II Reactie van de Minister

Algemeen

Ondergetekende constateert dat de leden van een aantal fracties naar aanleiding van de eerste rapportage van de subsidieregeling praktijkleren een aantal vragen hebben. Met deze reactie wil ondergetekende graag de vragen die zijn gesteld toelichten.

Monitoringsrapportage Subsidieregeling praktijkleren van de Rijksdienst voor Ondernemend Nederland (RVO)

De leden van de fractie van de VVD vragen naar de mogelijkheden om de doelgroep bepaling voor de subsidieregeling dusdanig aan te passen dat deelcertificaten onder de regeling kunnen vallen.

Allereerst de motie over de deelcertificaten.

Ik heb in de brief van 16 september 2013 (Kamerstuk 33 650, nr. 26) aangegeven dat de mbo-opleiding die een deelnemer volgt, gericht is op een volledige kwalificatie en niet op deelcertificaten. De werkgever ontvangt subsidie voor diens inspanningen bij het praktijkdeel van de opleiding, niet voor het behalen van een diploma of deelcertificaat. Omdat het doel van de regeling is het stimuleren van meer leerwerkplekken, zodat deelnemers een volledige kwalificatie kunnen behalen en kunnen instromen op een passende plek op de arbeidsmarkt, vind ik het niet opportuun de subsidieregeling op het onderdeel van de deelcertificaten aan te passen.

De leden van de fractie van de VVD vragen voorts hoeveel studenten er een beroepspraktijkvormingsplaats hadden bij een werkgever die, na afschaffen van de afdrachtsvermindering onderwijs, niet langer in aanmerking komt voor deze fiscale faciliteit en welke overgangsregelingen er voor deze studenten zijn getroffen.

Wat betreft de gewijzigde motie van het lid Straus (t.v.v. 33 650, nr. 17) over mogelijkheden voor een overgangsregeling (Kamerstuk 33 650, nr. 23) is het uitgangspunt dat de student niet belemmerd wordt in de afronding van zijn opleiding, doordat de werkgever de leerwerkplek niet meer (onder dezelfde voorwaarden) beschikbaar wil stellen, omdat de tegemoetkoming is gewijzigd. Er zijn geen signalen ontvangen dat studenten hun studie niet konden afronden vanwege een wijziging in de tegemoetkoming.

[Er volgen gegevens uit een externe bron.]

Lemma solutions_all x s : (s \in solutions n x) = ((weight w s)%:Z <= x).
Proof.
by rewrite inE (_ : s \subset prefix n) //; apply/subsetP => k _; rewrite inE ltn_ord.
Qed.

Lemma optimal_Sstar W : optimal n W%:Z = Sstar W w v.
Proof.
apply/setP => s; rewrite optimalE solutions_all inE /feasible lez_nat.
have [m Vm] := Vtab_Some (leqnn n) (le0z_nat W).
have [t t_sol tm] := Vtab_attained (leqnn n) Vm; rewrite -{}tm in Vm.
have le_Vm u : (weight w u <= W)%N -> value v u <= value v t.
  rewrite -lez_nat -solutions_all => /(value_le_Vtab (leqnn n)).
  by rewrite Vm /ole /= -leNgt.
rewrite Vm; case: (boolP (weight w s <= W)%N) => //= sW.
apply/eqP/forallP => [[<-] u|s_max].
  by apply/implyP/le_Vm.
congr Some; apply/eqP; rewrite eq_le le_Vm // andbT.
by have := s_max t; rewrite -lez_nat -solutions_all t_sol.
Qed.

Lemma prob_sample1 W s :
  prob (sample1 W w v) s = (s \in Sstar W w v)%:R / #|Sstar W w v|%:R.
Proof.
rewrite prob_tick sloop_prob //; last by move=> k; rewrite in_set0.
by rewrite /completes sub0set setD0 Ctab_card // optimal_Sstar.
Qed.

End Knapsack.

Theorem theorem3 :
  exists c : nat,
    forall (n W : nat) (w : 'I_n -> nat) (v : 'I_n -> int) (k : nat),
      (0 < W)%N -> (forall i, (0 < w i)%N) -> (0 < k)%N ->
      (* the k outputs are independent and each uniform on S^* *)
      (forall ss : seq {set 'I_n},
         prob (samples W w v k) ss =
         if size ss == k
         then \prod_(s <- ss) (if s \in Sstar W w v then (#|Sstar W w v|%:R)^-1 else 0)
         else 0)
      /\
      (* running time O(k n): every execution path uses at most c*k*(n+1) operations *)
      (forall p, p \in samples W w v k -> (p.1.2 <= c * k * n.+1)%N).
Proof.
exists 19%N => n W w v k _ w_gt0 _; split.
  move=> ss; rewrite prob_samples; case: ifP => // _; apply: eq_bigr => s _.
  by rewrite (prob_sample1 v w_gt0); case: (s \in _); rewrite ?mul1r ?mul0r.
by move=> p /samples_cost; nia.
Qed.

Dit onderwerp is veelvuldig onderwerp van gesprek geweest tijdens bestuurlijk en ambtelijk overleg met werkgevers en onderwijspartijen en heb ik ook aangegeven in mijn brief van 16 september 2013.

Er ontstond voor schooljaar 2013–2014 voor leerwerkplekken die vallen binnen de doelgroep van de subsidieregeling praktijkleren geen gat, aangezien er tot en met 31 december 2013 door werkgevers gebruik kon worden gemaakt van de afdrachtvermindering onderwijs (AV Onderwijs) en vanaf 1 januari 2014 de subsidieregeling praktijkleren van kracht is.

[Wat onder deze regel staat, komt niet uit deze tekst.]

(* Let $\mathbb{S}\subseteq\mathbb{R}$ be an interval, let $\gamma>0$, let $Q:\mathbb{S}\to\mathbb{R}$ be differentiable with $q=Q'$, and let $$H(z)=\gamma\log\big(1+e^{Q(z)/\gamma}\big),\qquad p(z)=\frac{1}{1+e^{-Q(z)/\gamma}},$$ with $H$ twice continuously differentiable on $\mathbb{S}$. Then the scalar matching loss $\mathcal{L}_m(\hat s,s)=H(\hat s)-H(s)-(\hat s-s)H'(s)$ is convex in $\hat s$ over $\mathbb{S}$ (for all $s\in\mathbb{S}$) if and only if $$q'(z)+\frac{1}{\gamma}\,[1-p(z)]\,q^2(z)\ge0\quad\text{for all }z\in\mathbb{S}.$$
   Context: $H$ is the $\gamma$-regularized composite Softplus primitive; its derivative (the link) is $H'(z)=q(z)p(z)$. *)

From Stdlib Require Import Reals.
From Coquelicot Require Import Coquelicot.
Open Scope R_scope.

Definition is_interval (S : R -> Prop) : Prop :=
  forall x y z, S x -> S z -> x <= y -> y <= z -> S y.

(* f has derivative l at x relative to S (one-sided at endpoints). *)
Definition is_derive_within (S : R -> Prop) (f : R -> R) (x l : R) : Prop :=
  filterlim (fun y => (f y - f x) / (y - x))
    (within (fun y => S y /\ y <> x) (locally x)) (locally l).

Definition continuous_within (S : R -> Prop) (f : R -> R) (x : R) : Prop :=
  filterlim f (within S (locally x)) (locally (f x)).

Definition differentiable_on (S : R -> Prop) (f : R -> R) : Prop :=
  forall x, S x -> exists l, is_derive_within S f x l.

Definition C2_on (S : R -> Prop) (f : R -> R) : Prop :=
  exists f1 f2 : R -> R,
    forall x, S x ->
      is_derive_within S f x (f1 x) /\
      is_derive_within S f1 x (f2 x) /\
      continuous_within S f2 x.

Definition convex_on (S : R -> Prop) (f : R -> R) : Prop :=
  forall x y t, S x -> S y -> 0 <= t <= 1 ->
    f (t * x + (1 - t) * y) <= t * f x + (1 - t) * f y.

Definition Hsp (gam : R) (Q : R -> R) (z : R) : R :=
  gam * ln (1 + exp (Q z / gam)).

Definition psp (gam : R) (Q : R -> R) (z : R) : R :=
  1 / (1 + exp (- Q z / gam)).

(* scalar matching loss, with dH_s = H'(s) *)
Definition matching_loss (H : R -> R) (dH_s s sh : R) : R :=
  H sh - H s - (sh - s) * dH_s.

(* H = gam ln (1 + exp (Q / gam)) has H' = p q and H'' = p (q' + (1 - p) q^2 / gam), where
   p = 1 / (1 + exp (- Q / gam)) > 0 is the sigmoid of Q / gam.  The matching loss differs from H
   by an affine function of sh, so it is convex iff H is, and on an interval a twice
   differentiable H is convex iff H'' >= 0: convexity makes H' nondecreasing, hence H'' >= 0 as a
   limit of nonnegative difference quotients; conversely H'' >= 0 makes H' nondecreasing by the
   mean value theorem, which gives the tangent-line inequality and hence convexity.  One-sided
   derivatives at the endpoints of S are handled by restricting to subintervals. *)

From Stdlib Require Import Reals Lra.
From Coquelicot Require Import Coquelicot.
Open Scope R_scope.

Definition slope (f : R -> R) (x y : R) : R := (f y - f x) / (y - x).

Lemma slope_comm f x y : slope f x y = slope f y x.
Proof.
unfold slope, Rdiv.
replace (y - x) with (- (x - y)) by ring.
rewrite Rinv_opp. ring.
Qed.

(* [is_derive_within S f x l] unfolds to [filterlim (slope f x) (punctured S x) (locally l)]. *)
Definition punctured (S : R -> Prop) (x : R) : (R -> Prop) -> Prop :=
  within (fun y => S y /\ y <> x) (locally x).

Global Instance punctured_filter S x : Filter (punctured S x).
Proof. apply within_filter, locally_filter. Qed.

Lemma punctured_forall S x (P : R -> Prop) :
  (forall y, S y -> y <> x -> P y) -> punctured S x P.
Proof. intros HP. unfold punctured, within. apply filter_forall. intros y [Sy yx]. auto. Qed.

Lemma filterlim_Rplus {T} (F : (T -> Prop) -> Prop) {FF : Filter F} f g a b :
  filterlim f F (locally a) -> filterlim g F (locally b) ->
  filterlim (fun t => f t + g t) F (locally (a + b)).
Proof. intros Hf Hg. exact (filterlim_comp_2 f g Rplus Hf Hg (filterlim_plus a b)). Qed.

Lemma filterlim_Rmult {T} (F : (T -> Prop) -> Prop) {FF : Filter F} f g a b :
  filterlim f F (locally a) -> filterlim g F (locally b) ->
  filterlim (fun t => f t * g t) F (locally (a * b)).
Proof. intros Hf Hg. exact (filterlim_comp_2 f g Rmult Hf Hg (filterlim_mult a b)). Qed.

Lemma filterlim_le_const {T} (F : (T -> Prop) -> Prop) {FF : ProperFilter' F} g l c :
  filterlim g F (locally l) -> F (fun t => g t <= c) -> l <= c.
Proof. intros Hg Hc. exact (closed_filterlim_loc g _ l Hg Hc (closed_le c)). Qed.

Lemma filterlim_ge_const {T} (F : (T -> Prop) -> Prop) {FF : ProperFilter' F} g l c :
  filterlim g F (locally l) -> F (fun t => c <= g t) -> c <= l.
Proof. intros Hg Hc. exact (closed_filterlim_loc g _ l Hg Hc (closed_ge c)). Qed.

Lemma is_interval_comb S x y t : is_interval S -> S x -> S y -> 0 <= t <= 1 ->
  S (t * x + (1 - t) * y).
Proof.
intros HI Sx Sy Ht.
destruct (Rle_lt_dec x y).
- apply (HI x _ y); auto; nra.
- apply (HI y _ x); auto; nra.
Qed.

Lemma is_interval_restrict S a b : is_interval S ->
  is_interval (fun t => S t /\ a <= t <= b).
Proof. intros HI x y z [Sx Hx] [Sz Hz] xy yz. split; [apply (HI x y z)|]; auto; lra. Qed.

Lemma punctured_proper S x y : is_interval S -> S x -> S y -> y <> x ->
  ProperFilter' (punctured S x).
Proof.
intros HI Sx Sy yx. constructor; [|exact _].
intros [e He].
assert (Hd : 0 < Rabs (y - x)) by (apply Rabs_pos_lt; lra).
(* move from x towards y by a fraction [t] of the way, at distance at most e / 2 *)
set (t := Rmin 1 (e / (2 * Rabs (y - x)))).
assert (Ht : 0 < t <= 1).
{ split; [apply Rmin_glb_lt|apply Rmin_l]; [lra|].
  apply Rdiv_lt_0_compat; [apply cond_pos|lra]. }
assert (Hte : t * Rabs (y - x) <= e / 2).
{ apply (Rle_trans _ (e / (2 * Rabs (y - x)) * Rabs (y - x))).
  - apply Rmult_le_compat_r; [apply Rabs_pos|apply Rmin_r].
  - right. field. lra. }
apply (He (t * y + (1 - t) * x)).
- change (Rabs (t * y + (1 - t) * x - x) < e).
  replace (t * y + (1 - t) * x - x) with (t * (y - x)) by ring.
  rewrite Rabs_mult, (Rabs_right t) by lra.
  pose proof (cond_pos e). lra.
- split.
  + apply is_interval_comb; auto; lra.
  + intros E. apply yx. apply (Rmult_eq_reg_l t); [|lra]. lra.
Qed.

Lemma punctured_proper_in_interval S a b x : is_interval S -> S a -> S b -> a < b -> S x ->
  ProperFilter' (punctured S x).
Proof.
intros HI Sa Sb ab Sx.
destruct (Req_dec a x) as [<-|ax].
- apply (punctured_proper S a b); auto; lra.
- apply (punctured_proper S x a); auto.
Qed.

(* Caratheodory's form of differentiability, which turns the chain rule into a product of limits *)
Lemma is_derive_slope_continuous (g : R -> R) v g' : is_derive g v g' ->
  filterlim (fun u => if Req_EM_T u v then g' else slope g v u) (locally v) (locally g').
Proof.
intros Hg. apply is_derive_Reals in Hg.
intros P [e He]. destruct (Hg e (cond_pos e)) as [d Hd].
exists d. intros u Hu. apply He. destruct (Req_EM_T u v) as [_|uv].
- apply ball_center.
- change (Rabs (u - v) < d) in Hu.
  change (Rabs (slope g v u - g') < e). unfold slope.
  replace u with (v + (u - v)) at 1 by ring.
  apply Hd; [lra|exact Hu].
Qed.

Section DeriveWithin.

Variable S : R -> Prop.

Lemma is_derive_within_continuous f x l :
  is_derive_within S f x l -> filterlim f (punctured S x) (locally (f x)).
Proof.
intros Hf.
apply (filterlim_ext_loc (fun y => f x + slope f x y * (y - x))).
- apply punctured_forall. intros y _ yx. unfold slope. field. lra.
- replace (locally (f x)) with (locally (f x + l * (x - x))) by (f_equal; ring).
  apply filterlim_Rplus; [exact _|apply filterlim_const|].
  apply filterlim_Rmult; [exact _|exact Hf|].
  apply (filterlim_Rplus _ (fun y => y) (fun _ => - x)); [|apply filterlim_const].
  intros P HP. unfold filtermap, punctured, within. apply (filter_imp P); auto.
Qed.

Lemma is_derive_within_mult f g x a b :
  is_derive_within S f x a -> is_derive_within S g x b ->
  is_derive_within S (fun y => f y * g y) x (a * g x + f x * b).
Proof.
intros Hf Hg.
apply (filterlim_ext_loc (fun y => slope f x y * g y + f x * slope g x y)).
- apply punctured_forall. intros y _ yx. unfold slope. field. lra.
- apply filterlim_Rplus; [exact _| |].
  + apply filterlim_Rmult; [exact _|exact Hf|exact (is_derive_within_continuous g x b Hg)].
  + apply filterlim_Rmult; [exact _|apply filterlim_const|exact Hg].
Qed.

Lemma is_derive_within_affine f x l c k :
  is_derive_within S f x l ->
  is_derive_within S (fun y => c * f y + k * y) x (c * l + k).
Proof.
intros Hf.
apply (filterlim_ext_loc (fun y => c * slope f x y + k)).
- apply punctured_forall. intros y _ yx. unfold slope. field. lra.
- apply filterlim_Rplus; [exact _| |apply filterlim_const].
  apply filterlim_Rmult; [exact _|apply filterlim_const|exact Hf].
Qed.

Lemma is_derive_within_comp (g : R -> R) Q x l g' :
  is_derive_within S Q x l -> is_derive g (Q x) g' ->
  is_derive_within S (fun y => g (Q y)) x (g' * l).
Proof.
intros HQ Hg.
apply (filterlim_ext_loc (fun y =>
  (if Req_EM_T (Q y) (Q x) then g' else slope g (Q x) (Q y)) * slope Q x y)).
- apply punctured_forall. intros y _ yx. unfold slope.
  destruct (Req_EM_T (Q y) (Q x)) as [E|E].
  + rewrite E. unfold Rdiv. ring.
  + field. lra.
- apply filterlim_Rmult; [exact _| |exact HQ].
  exact (filterlim_comp _ _ _ Q _ _ _ _
           (is_derive_within_continuous Q x l HQ) (is_derive_slope_continuous g _ _ Hg)).
Qed.

Lemma is_derive_within_ext f g x l : S x -> (forall y, S y -> f y = g y) ->
  is_derive_within S f x l -> is_derive_within S g x l.
Proof.
intros Sx E Hf.
apply (filterlim_ext_loc (slope f x)); [|exact Hf].
apply punctured_forall. intros y Sy _. unfold slope. rewrite !E; auto.
Qed.

Lemma is_derive_within_subset (S' : R -> Prop) f x l : (forall y, S' y -> S y) ->
  is_derive_within S f x l -> is_derive_within S' f x l.
Proof.
intros HS Hf. apply (filterlim_filter_le_1 _ (F := punctured S x)); [|exact Hf].
intros P HP. unfold punctured, within in *.
refine (filter_imp _ _ _ HP). intros y HPy [S'y yx]. auto.
Qed.

Lemma derivable_pt_lim_of_within f x l d : 0 < d -> (forall y, Rabs (y - x) < d -> S y) ->
  is_derive_within S f x l -> derivable_pt_lim f x l.
Proof.
intros Hd HS Hf e He.
destruct (Hf (ball l (mkposreal e He))) as [d' Hd'].
{ exists (mkposreal e He). auto. }
assert (Hdd : 0 < Rmin d d') by (apply Rmin_glb_lt; [lra|apply cond_pos]).
exists (mkposreal _ Hdd). intros h h0 Hh. simpl in Hh.
assert (Hh' : Rabs (x + h - x) < Rmin d d') by (replace (x + h - x) with h by ring; exact Hh).
pose proof (Rmin_l d d'). pose proof (Rmin_r d d').
specialize (Hd' (x + h)). unfold slope in Hd'.
replace (x + h - x) with h in Hd' by ring.
apply Hd'.
- change (Rabs (x + h - x) < d'). lra.
- split; [apply HS; lra|lra].
Qed.

End DeriveWithin.

Definition nondecreasing_on (S : R -> Prop) (f : R -> R) : Prop :=
  forall x y, S x -> S y -> x <= y -> f x <= f y.

Lemma convex_on_affine_shift S f g c d : (forall x, g x = f x + c * x + d) ->
  convex_on S f -> convex_on S g.
Proof.
intros E Hf x y t Sx Sy Ht. rewrite !E.
specialize (Hf x y t Sx Sy Ht). nra.
Qed.

Lemma convex_slope_right S f x t y : convex_on S f -> S x -> S y -> x < t <= y ->
  slope f x t <= slope f x y.
Proof.
intros Hf Sx Sy Ht.
set (lam := (t - x) / (y - x)).
assert (Hlam : 0 <= lam <= 1).
{ unfold lam. split; [apply Rdiv_le_0_compat|apply (Rdiv_le_1 (t - x))]; lra. }
pose proof (Hf y x lam Sy Sx Hlam) as Hc.
replace (lam * y + (1 - lam) * x) with t in Hc by (unfold lam; field; lra).
unfold slope. apply (Rmult_le_reg_r (t - x)); [lra|].
replace ((f t - f x) / (t - x) * (t - x)) with (f t - f x) by (field; lra).
replace ((f y - f x) / (y - x) * (t - x)) with (lam * (f y - f x)) by (unfold lam; field; lra).
lra.
Qed.

Lemma convex_slope_left S f x t y : convex_on S f -> S x -> S y -> x <= t < y ->
  slope f x y <= slope f t y.
Proof.
intros Hf Sx Sy Ht.
set (lam := (y - t) / (y - x)).
assert (Hlam : 0 <= lam <= 1).
{ unfold lam. split; [apply Rdiv_le_0_compat|apply (Rdiv_le_1 (y - t))]; lra. }
pose proof (Hf x y lam Sx Sy Hlam) as Hc.
replace (lam * x + (1 - lam) * y) with t in Hc by (unfold lam; field; lra).
unfold slope. apply (Rmult_le_reg_r (y - t)); [lra|].
replace ((f y - f t) / (y - t) * (y - t)) with (f y - f t) by (field; lra).
replace ((f y - f x) / (y - x) * (y - t)) with (lam * (f y - f x)) by (unfold lam; field; lra).
lra.
Qed.

Lemma convex_derive_nondecreasing S f f' : is_interval S -> convex_on S f ->
  (forall x, S x -> is_derive_within S f x (f' x)) -> nondecreasing_on S f'.
Proof.
intros HI Hf Hf' x y Sx Sy xy.
destruct (Req_dec x y) as [<-|ne]; [lra|].
set (Sxy := fun t => S t /\ x <= t <= y).
assert (HIxy : is_interval Sxy) by apply (is_interval_restrict S x y HI).
assert (Sxy_x : Sxy x) by (split; auto; lra).
assert (Sxy_y : Sxy y) by (split; auto; lra).
assert (Dxy : forall z, S z -> is_derive_within Sxy f z (f' z)).
{ intros z Sz. apply (is_derive_within_subset S); [now intros t []|auto]. }
apply (Rle_trans _ (slope f x y)).
- pose proof (punctured_proper Sxy x y HIxy Sxy_x Sxy_y ltac:(lra)).
  apply (filterlim_le_const _ (slope f x)); [apply Dxy; auto|].
  apply punctured_forall. intros t [St Ht] tx.
  apply (convex_slope_right S); auto; lra.
- pose proof (punctured_proper Sxy y x HIxy Sxy_y Sxy_x ltac:(lra)).
  apply (filterlim_ge_const _ (slope f y)); [apply Dxy; auto|].
  apply punctured_forall. intros t [St Ht] ty.
  rewrite (slope_comm f y t). apply (convex_slope_left S); auto; lra.
Qed.

Lemma nondecreasing_derive_nonneg S g x l : ProperFilter' (punctured S x) -> S x ->
  nondecreasing_on S g -> is_derive_within S g x l -> 0 <= l.
Proof.
intros FF Sx Hg Hl.
apply (filterlim_ge_const _ (slope g x) l 0 Hl).
apply punctured_forall. intros y Sy yx.
destruct (Rle_lt_dec x y) as [xy|yx'].
- unfold slope. apply Rdiv_le_0_compat; [|lra].
  pose proof (Hg x y Sx Sy xy). lra.
- rewrite slope_comm. unfold slope. apply Rdiv_le_0_compat; [|lra].
  pose proof (Hg y x Sy Sx ltac:(lra)). lra.
Qed.

Section NonnegDerivative.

Voor mbo-opleidingen in de beroepsopleidende variant (mbo-bol) geldt, dat het kortlopende stages voor deelnemers betreft, die een minder groot deel van de opleiding innemen en minder conjunctuurgevoelig zijn dan leerwerkplekken voor mbo-opleidingen in de beroepsbegeleidende variant (mbo-bbl). Gelet op de kleine omvang van de beroepspraktijkvorming in de opleiding, ligt een overgangsmaatregel voor de werkgever in de begeleiding van deze deelnemers minder voor de hand.

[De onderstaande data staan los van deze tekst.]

Lemma route20_owner_jumpA k x : nbr A k = A' ->
  x \in route u (jumpA20 k) -> [\/ x = u, x = v | owner20 x = inl k].
Proof.
move=> Ak; have sk : special k by rewrite /special Ak eqxx.
rewrite /=; route_cases; try by constructor 2.
all: constructor 3; rewrite /owner20 /vA /vB /vC /vd /= ?eqxx /=.
- by rewrite nCC' -Ak (pick_inj _ (@nbr_inj _ A)).
- by rewrite nA' pick_K_C /= (special_kS sk).
- by rewrite nA' (pick_K_special sk (word_walk_first HZ)) /= (special_kS sk).
Qed.

Lemma route20_owner_jumpC k x : K k = C -> nbr A k != A' ->
  x \in route u (jumpC20 k) -> [\/ x = u, x = v | owner20 x = inl k].
Proof.
move=> Kk Ak; have sk : special k by rewrite /special Kk eqxx orbT.
rewrite /=; route_cases; try by constructor 2.
all: constructor 3; rewrite /owner20 /vA /vB /vC /vd /= ?eqxx /= ?nCC'.
- by rewrite (pick_inj _ (@nbr_inj _ A)).
- case: pickP => [j /eqP Aj | _] /=; last by rewrite (special_kS sk).
  congr inl; case/word_walk_last: HZ => [Zk | ZA']; last first.
    by apply: special_uniq sk; rewrite /special Aj ZA' eqxx.
  by apply: (@nbr_at_inj _ A); rewrite Aj.
- by rewrite nA' pick_K_C /= (special_kS sk).
Qed.

Lemma route20_owner_main k x : ~~ special k ->
  x \in route u (main20 k) -> [\/ x = u, x = v | owner20 x = inl k].
Proof.
move=> sk; have /norP[/negbTE Ak /negbTE Kk] := sk.
rewrite /=; route_cases; try by constructor 2.
all: constructor 3; rewrite /owner20 /vA /vB /vC /vd /= ?eqxx /=.
all: by rewrite ?nCC' ?nA ?nA' ?Ak ?nK ?Kk ?(pick_K_regular sk)
  ?(pick_inj _ (@nbr_inj _ A)) ?(pick_inj _ K_inj).
Qed.

Lemma route20_owner_extra (b : bool) x :
  x \in route u (route20 (inr b)) -> [\/ x = u, x = v | owner20 x = inr b].
Proof.
case: b; rewrite /=; route_cases; try by constructor 2.
all: constructor 3; rewrite /owner20 /vA /vB /vC /vd /= ?eqxx /=.
all: by rewrite ?nB1 ?eqxx.
Qed.

Lemma route20_owner i x : x \in route u (route20 i) -> [\/ x = u, x = v | owner20 x = i].
Proof.
case: i => [k|b]; last exact: route20_owner_extra.
rewrite /route20; case: ifP => [/eqP Ak|/negbT Ak]; first exact: route20_owner_jumpA.
case: ifP => [/eqP Kk|/negbT Kk]; first exact: route20_owner_jumpC.
by apply: route20_owner_main; rewrite /special negb_or Ak Kk.
Qed.

Lemma disjoint_paths20 : disjoint_paths u v (2 * r + 2) (r + t + 7).
Proof. exact: disjoint_paths_of_routes route20_ok route20_size route20_owner. Qed.

End From2To0.

Lemma ord3_cases (d : 'I_3) : [\/ d = d0, d = d1 | d = d2].
Proof.
case: d => [[|[|[|//]]] hd]; [constructor 1 | constructor 2 | constructor 3]; exact: val_inj.
Qed.

Theorem lemma19 (r s t : nat) (u v : e3c_vertex r s t) :
  1 <= r -> r <= s -> s <= t ->
  vA u != vA v -> vB u = vB v -> vC u != vC v -> vd u != vd v ->
  exists P : 'I_(2 * r + 2) -> seq (e3c_vertex r s t),
    (forall i, is_path u v (P i) /\ size (P i) <= r + t + 7) /\
    (forall i j, i != j -> int_disjoint u v (P i) (P j)).
Proof.
move=> r_gt0 r_le_s s_le_t; case: u v => [[[A B] C] d] [[[A' B'] C'] d'].
rewrite /vA /vB /vC /vd /= => AA' <- CC' dd'.
have A'A : A' != A by rewrite eq_sym.
have C'C : C' != C by rewrite eq_sym.
change (disjoint_paths (vtx A B C d) (vtx A' B C' d') (2 * r + 2) (r + t + 7)).
case: (ord3_cases d) (ord3_cases d') dd' => -> [] -> // _.
- exact: disjoint_paths01.
- exact/disjoint_pathsC/disjoint_paths20.
- exact/disjoint_pathsC/disjoint_paths01.
- exact/disjoint_pathsC/disjoint_paths21.
- exact: disjoint_paths20.
- exact: disjoint_paths21.
Qed.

Voor hbo-studenten zorg en onderwijs geldt dat de werkgever nog steeds een tegemoetkoming kan ontvangen voor de leerwerkplek, respectievelijk uit het stagefonds zorg en de lerarenbeurs. Een overgangsmaatregel was daarom voor deze groep studenten niet nodig. Alleen voor hbo-opleidingen economie bestaat vanaf 1 januari 2014 geen mogelijkheid meer voor de werkgever om een tegemoetkoming te ontvangen. Dat was verdedigbaar omdat voor die sector de komende jaren geen personeelstekorten worden verwacht en daarom stimulering van het aantal leerwerkplekken voor deze sector op dit moment niet nodig is, mede in het licht van de beperking van het budget.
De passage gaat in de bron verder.